Bien que Proust n’ait pas été élevé dans la religion juive, une bonne partie de son éducation fut culturellement et socialement juive. Mais peut-il pour autant être lu comme un écrivain juif ? Y a-t-il quelque chose du Talmud ou de la Kabbale à trouver dans À la recherche du temps perdu ?

 

Dernière page du « Temps retrouvé »

 

Une phrase de Proust est souvent citée, quoique son origine ait longtemps été introuvable. L’auteur de la Recherche y déplore que personne ne puisse aller déposer le caillou rituel sur la tombe de son arrière-grand-père, au Père-Lachaise – pas même lui, qui était alors malade et alité, alors qu’il y accompagnait, enfant, son grand-père Nathé. Cette phrase daterait de la fin de sa vie.
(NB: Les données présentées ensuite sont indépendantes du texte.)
(* Each i contributes #{j > i | w j < w i} - #{j < i | w i < w j} = w i - i. *)
Lemma gamma_qexpE : gamma_qexp w l = \sum_i ((w i)%:Z - (i : nat)%:Z) * l i.
Proof.
pose inv (i j : 'I_d.+1) : nat := (j < i)%N && (w i < w j)%N.
have shift i : (w i)%:Z - (i : nat)%:Z = \sum_j ((inv j i)%:Z - (inv i j)%:Z).
  have -> : (i : nat) = (\sum_(j : 'I_d.+1) (j < i : nat))%N.
    by rewrite sum_ord_ltn; apply/esym/minn_idPl/ltnW.
  rewrite -{1}(num_perm_ltn w i) !(big_morph Posz PoszD erefl) -sumrB.
  apply: eq_bigr => j _; rewrite /inv.
  case: (ltngtP j i) => [ji|ij|/val_inj->]; last by rewrite ltnn subrr.
    by case: ltngtP => // /val_inj/perm_inj eji; rewrite eji ltnn in ji.
  by case: ltngtP => // /val_inj/perm_inj eji; rewrite eji ltnn in ij.
under [RHS]eq_bigr => i _ do rewrite shift mulr_suml.
under [RHS]eq_bigr => i _ do under eq_bigr => j _ do rewrite mulrBl.
under [RHS]eq_bigr => i _ do rewrite sumrB.
rewrite sumrB exchange_big -sumrB; apply: eq_bigr => i _.
rewrite big_mkcond -sumrB; apply: eq_bigr => j _.
by rewrite /inv; case: ifP => _; rewrite ?mul1r ?mul0r ?subrr.
Qed.

Lemma gamma_piexpE (a : 'I_d.+1 -> int) :
  gamma_piexp a w l = \sum_i (a (w i) - a i) * l i.
Proof.
rewrite /gamma_piexp /xi_val (reindex_inj (@perm_inj _ w)) -sumrB.
by apply: eq_bigr => i _; rewrite ffunE permK mulrBl.
Qed.

End GammaExponents.

Lemma sum_actW (V : nmodType) (d : nat) (w : 'S_d.+1) (l : Lam d)
    (F : 'I_d.+1 -> int -> V) :
  \sum_k F k (actW w l k) = \sum_i F (w i) (l i).
Proof.
by rewrite (reindex_inj (@perm_inj _ w)); apply: eq_bigr => i _; rewrite ffunE permK.
Qed.

Definition xi_slope (R : realType) (degL d : nat) (a : 'I_d.+1 -> int) (i : 'I_d.+1) : R :=
  (a i)%:~R + (i : nat)%:R * degL%:R.

Definition pairing_bounded (R : realDomainType) (d : nat) (b c : 'I_d.+1 -> R) : Prop :=
  forall l : Lam d, \sum_k b k * (actW (dom_perm l) l k)%:~R <= \sum_i c i * (l i)%:~R.

Section ValuationOfGamma.
Variables (R : realType) (K : fieldType) (v : K -> R) (pi : K) (q degL d : nat).
Variable (a : 'I_d.+1 -> int).
Hypotheses (Hv : is_valuation v) (Hq0 : (q%:R : K) != 0) (Hpi0 : pi != 0).
Hypotheses (Hvpi : v pi = 1) (Hvq : v (q%:R : K) = degL%:R).

Local Notation b := (xi_slope R degL a).

Lemma gamma_xi_neq0 w l : gamma_xi q pi a w l != 0.
Proof. by rewrite mulf_neq0 ?expfz_neq0. Qed.

Lemma valuation_gamma_xi w l :
  v (gamma_xi q pi a w l) = \sum_i (b (w i) - b i) * (l i)%:~R.
Proof.
rewrite valuationM ?expfz_neq0 // !valuationXz // Hvq Hvpi mulr1.
rewrite gamma_qexpE gamma_piexpE !rmorph_sum mulr_suml -big_split /=.
by apply: eq_bigr => i _; rewrite /xi_slope !(intrM, intrB) /=; ring.
Qed.

Lemma valuation_zeta_coord (zeta : Lam d -> K) i : is_char zeta ->
  v (zeta_coord q pi a zeta i) = b i + v (zeta (lam_e i)).
Proof.
case=> zeta_neq0 _; rewrite !valuationM ?mulf_neq0 ?expf_neq0 ?expfz_neq0 //.
by rewrite valuationXn // valuationXz // Hvq Hvpi mulr1 /xi_slope; lra.
Qed.

Variables (absK : K -> R) (zeta : Lam d -> K).
Hypothesis Habs : forall x : K, x != 0 -> absK x = powR (q%:R^-1) (v x).
Hypotheses (Hq : (1 < q)%N) (Hzeta : is_char zeta).

Lemma in_TxiE :
  in_Txi absK q pi a zeta <-> pairing_bounded b (fun i => v (zeta_coord q pi a zeta i)).
Proof.
have [zeta_neq0 _] := Hzeta.
suff step l : (absK (zeta l) <= absK (gamma_dom q pi a l)) =
    (\sum_k b k * (actW (dom_perm l) l k)%:~R <=
     \sum_i v (zeta_coord q pi a zeta i) * (l i)%:~R).
  by split=> H l; [rewrite -step | rewrite step].
rewrite !Habs ?gamma_xi_neq0 // ler_powR_inv ?ltr1n // valuation_gamma_xi.
rewrite (val_charE Hv Hzeta) (sum_actW _ _ (fun k m => b k * m%:~R)) -subr_ge0.
rewrite -[in RHS]subr_ge0 -!sumrB; congr (0 <= _); apply: eq_bigr => i _.
by rewrite valuation_zeta_coord //; ring.
Qed.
Antoine Compagnon est parvenu à en déterminer la source[1], au cours d’un travail qui a donné lieu l’an passé à un séminaire au Collège de France portant sur la judéité de Proust[2]. Contre Alessandro Piperno (auteur d’un Proust antijuif, paru en français chez Liana Levi en 2008) et d’autres lecteurs souvent choqués par certains portraits juifs de la Recherche, Compagnon a voulu montrer la manière dont le romancier, avant la guerre, était devenu pour certains de ses admirateurs un véritable héros juif.

Proust était-il un écrivain juif ? Juif, en tout cas, il l’était à coup sûr et, bien que baptisé, une bonne partie de son éducation fut culturellement et socialement juive. Mais qu’en est-il de l’écrivain ?[3] Pour André Spire, pour Benjamin Crémieux et Georges Cattaui, pour Armand Lunel, Léon Pierre-Quint et Albert Cohen, tous collaborateurs de La Revue juive (revue parue pendant un an, en 1925, éditée par Gallimard – la branche juive, en somme, de la Nouvelle Revue Française), la réponse était indubitablement positive, comme elle l’était pour un Thibaudet (en bonne part) ou un Céline (en mauvaise part), ou encore, de façon ambiguë, pour un Gide.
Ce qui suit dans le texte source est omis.